It's about time: divergence, demography, and the evolution of developmental modes in marine invertebrates.

Differences in larval developmental mode are predicted to affect ecological and evolutionary processes ranging from gene flow and population bottlenecks to rates of population recovery from anthropogenic disturbance and capacity for local adaptation. The most powerful tests of these predictions use comparisons among species to ask how phylogeographic patterns are correlated with the evolution and loss of prolonged planktonic larval development. An important and largely untested assumption of these studies is that interspecific differences in population genetic structure are mainly caused by differences in dispersal and gene flow (rather than by differences in divergence times among populations or changes in effective population sizes), and that species with similar patterns of spatial genetic variation have similar underlying temporal demographic histories. Teasing apart these temporal and spatial patterns is important for understanding the causes and consequences of evolutionary changes in larval developmental mode.
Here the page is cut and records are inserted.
(* Fix j, put D := 3^j, and call a prime q of S(k,n)
   heavy for x when 3Dn <= q Y_q(x); Z(x) is the sum of Y_q over heavy q.
   1. Deterministic split (sumSq_split): heavy primes satisfy Y_q^2 <= n Y_q,
      light ones Y_q^2 q^2 < (3Dn)^2, and \sum_{q>k} q^(-2) <= 1/k, so
      k \sum Y_q^2 <= k n Z + (3Dn)^2.  Hence, once k >= 2 (3D)^2 / eps, the
      event \sum Y_q^2 > eps n^2 forces Z > eps n / 2 (bad_forces_heavy).
   2. Exponential moment (moment_bound): \sum_x D^Z(x) <= 2^(n+1) n^n.  D^Z(x) is
      bounded by a product over q of sums over index sets I \subseteq S_q(x);
      expanding, a family (I_q) makes each X_i a multiple of the product of the
      distinct primes q with i \in I_q, which leaves at most n^n / \prod q^|I_q|
      points (card_prescribed), and the binomial theorem over subsets bounds the
      resulting factor of each prime by 2 (H_le).
   3. Markov's inequality (probEvent_le) gives P <= exp(n + 1 - j eps n / 2),
      which is < exp(n M) for every n >= 1 as soon as j eps / 2 > 2 - M. *)

Lemma count_multiples n L : 0 < L -> \sum_(m < n) (L %| m.+1) = n %/ L.
Proof.
move=> L_gt0; elim: n => [|n IHn]; first by rewrite big_ord0 div0n.
by rewrite big_ord_recr /= IHn divnS // addnC.
Qed.

Lemma card_multiples_le n L (A : {pred 'I_n}) : 0 < L ->
  (forall m, m \in A -> L %| m.+1) -> #|A| * L <= n.
Proof.
move=> L_gt0 A_dvd; apply: leq_trans (leq_divM n L); rewrite leq_mul2r.
apply/orP; right; rewrite -count_multiples // -sum1_card big_mkcond /=.
by apply: leq_sum => m _; case: ifP => // /A_dvd ->.
Qed.

Lemma prod_primes_dvd s m : uniq s -> all prime s -> all (dvdn^~ m) s ->
  \prod_(p <- s) p %| m.
Proof.
elim: s => [|p s IHs] /=; first by rewrite big_nil dvd1n.
move=> /andP[p_notin_s s_uniq] /andP[p_pr s_pr] /andP[p_dvd s_dvd].
rewrite big_cons Gauss_dvd ?p_dvd ?IHs //.
elim: s p_notin_s s_pr {IHs s_uniq s_dvd} => [|r s IHs]; first by rewrite big_nil coprimen1.
rewrite inE negb_or big_cons /= => /andP[p_neq_r p_notin_s] /andP[r_pr s_pr].
by rewrite coprimeMr IHs // andbT prime_coprime // dvdn_prime2.
Qed.

Lemma sum_subsets_binomial n a b :
  \sum_(J : {set 'I_n}) a ^ #|J| * b ^ (n - #|J|) = (a + b) ^ n.
Proof.
rewrite -[n in RHS]card_ord -prod_nat_const bigA_distr; apply: eq_bigr => J _.
rewrite (bigID (mem J)) /= (eq_bigr (fun _ => a)) => [|i -> //].
rewrite [\prod_(i | _ \notin _) _](eq_bigr (fun _ => b)) => [|i /negbTE -> //].
rewrite !prod_nat_const; congr (_ * _ ^ _).
have -> : #|[pred i | i \notin J]| = #|~: J| by apply: eq_card => i; rewrite !inE.
by rewrite cardsCs setCK card_ord.
Qed.

Lemma tail_sum_bound k N m (a : nat -> nat) : 0 < k ->
  (forall q, k < q -> a q * (q * q) <= N) ->
  k * \sum_(k.+1 <= q < m.+1) a q <= N.
Proof.
move=> k_gt0 a_le.
have partial d : k * (k + d) * \sum_(k.+1 <= q < (k + d).+1) a q <= N * d.
  elim: d => [|d IHd]; first by rewrite addn0 big_geq // muln0.
  rewrite addnS big_nat_recr /=; last by lia.
  set S := \sum_(_ <= _ < _) _; set p := (k + d).+1.
  have last_le : a p * (p * p) <= N by apply: a_le; lia.
  have last_scaled : k * (a p * ((k + d) * p)) <= k * N.
    rewrite leq_mul2l; apply/orP; right; apply: leq_trans last_le.
    by rewrite leq_mul2l leq_mul2r leqnSn !orbT.
  have IHd_scaled : p * (k * (k + d) * S) <= p * (N * d) by rewrite leq_mul2l IHd orbT.
  have : (k + d) * (k * p * (S + a p)) <= (k + d) * (N * d.+1) by lia.
  by rewrite leq_mul2l => /orP[|//]; lia.
case: (leqP m k) => [m_le_k | k_lt_m]; first by rewrite big_geq // muln0.
have := partial (m - k); rewrite subnKC ?(ltnW k_lt_m) // => bound.
have : k * m * \sum_(k.+1 <= q < m.+1) a q <= N * m.
  by apply: leq_trans bound _; rewrite leq_mul2l leq_subr orbT.
by rewrite mulnAC leq_pmul2r //; lia.
Qed.

Section RealBounds.
Local Open Scope R_scope.

Lemma INR_expn (m e : nat) : INR (m ^ e)%N = INR m ^ e.
Proof.
elim: e => [|e IHe]; first by rewrite expn0.
by rewrite expnS mult_INR IHe -tech_pow_Rmult.
Qed.

Lemma pow_exp (x : R) (m : nat) : exp x ^ m = exp (INR m * x).
Proof.
elim: m => [|m IHm]; first by rewrite /= Rmult_0_l exp_0.
rewrite S_INR -tech_pow_Rmult IHm -exp_plus; congr exp; lra.
Qed.

Lemma exp_le_exp (x y : R) : x <= y -> exp x <= exp y.
Proof. by case=> [/exp_increasing/Rlt_le | ->] //; exact: Rle_refl. Qed.

Lemma exp_le_pow3 (m : nat) : exp (INR m) <= 3 ^ m.
Proof.
rewrite -[INR m]Rmult_1_r -pow_exp; apply: pow_incr.
by split; [apply: Rlt_le; apply: exp_pos | exact: exp_le_3].
Qed.

Lemma pow2_le_exp (m : nat) : 2 ^ m <= exp (INR m).
Proof.
rewrite -[INR m]Rmult_1_r -pow_exp; apply: pow_incr.
by have := exp_ineq1_le 1; lra.
Qed.

(* (1 + s/q)^n <= e^(sn/q) <= 3^t as soon as sn <= qt. *)
Lemma growth_bound (q s n t : nat) : (0 < q)%N -> (s * n <= q * t)%N ->
  ((q + s) ^ n <= 3 ^ t * q ^ n)%N.
Proof.
move=> /ltP/lt_0_INR q_pos /leP/le_INR; rewrite !mult_INR => st_le.
apply/leP/INR_le; rewrite mult_INR !INR_expn plus_INR.
have -> : INR q + INR s = (1 + INR s / INR q) * INR q by field; lra.
rewrite Rpow_mult_distr; apply: Rmult_le_compat_r; first by apply: pow_le; lra.
have ratio_ge0 : 0 <= INR s / INR q.
  by apply: Rmult_le_pos; [apply: pos_INR | apply: Rlt_le; apply: Rinv_0_lt_compat].
apply: Rle_trans (_ : exp (INR s / INR q) ^ n <= _).
  by apply: pow_incr; split; [lra | exact: exp_ineq1_le].
have -> : INR 3 = 3 by simpl; lra.
rewrite pow_exp; apply: Rle_trans (exp_le_pow3 t); apply: exp_le_exp.
apply: (Rmult_le_reg_r (INR q)) => //.
have -> : INR n * (INR s / INR q) * INR q = INR s * INR n by field; lra.
lra.
Qed.
Lemma S12_SRSG : SRSG S12 12 5 2 1 (-2).
Proof.
pose o4 k (h : (k < 4)%N) : 'I_4 := Ordinal h.
pose o3 k (h : (k < 3)%N) : 'I_3 := Ordinal h.
have neq x y : S12 x y != 0 -> x != y by apply: contraNneq => ->; rewrite S12_refl.
split; first by rewrite card_prod !card_ord.
split; first by case=> /(_ (o4 0%N isT, o3 0%N isT) (o4 1%N isT, o3 1%N isT) isT).
split; first by move=> /(_ (o4 0%N isT, o3 0%N isT) (o4 1%N isT, o3 0%N isT)).
split; first by move=> v; rewrite S12_A2E /S12_A2 eqxx.
split; first by move=> u v E; rewrite S12_A2E /S12_A2 E (negbTE (neq u v _)) ?E.
split; first by move=> u v E; rewrite S12_A2E /S12_A2 E (negbTE (neq u v _)) ?E.
by move=> u v uv E; rewrite S12_A2E /S12_A2 E (negbTE uv).
Qed.

Lemma sg_isomorphic_S12 (V : finType) (sg : V -> V -> int)
    (row : V -> 'I_4) (col : V -> 'I_3) :
  signed_graph sg -> #|V| = 12%N ->
  (forall x y, (row x == row y) = sign_rel sg (-1) x y) ->
  (forall x y, (col x == col y) = sign_rel sg 1 x y) ->
  sg_isomorphic sg S12.
Proof.
move=> sg_signed cardV erow ecol; pose f x : S12V := (row x, col x).
have f_inj : injective f.
  move=> x y [/eqP + /eqP]; rewrite erow ecol /sign_rel.
  by case: eqP => // _ /= /eqP ->.
exists f; split; first by apply: inj_card_bij f_inj _; rewrite card_prod !card_ord cardV.
move=> x y; rewrite /S12 /= erow ecol /sign_rel.
case: (eqVneq x y) => [->|_] /=; first by rewrite sg_refl.
by case: (sgP sg_signed x y) => ->.
Qed.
New analytical methods that use the coalescent history of allelic diversity can reveal these temporal patterns, test the strength of traditional population-genetic explanations for variation in spatial structure based on differences in dispersal, and identify strongly supported alternative explanations for spatial structure based on demographic history rather than on gene flow alone. We briefly review some of these recent analytical developments, and show their potential for refining ideas about the correspondence between the evolution of larval developmental mode, population demographic history, and spatial genetic variation.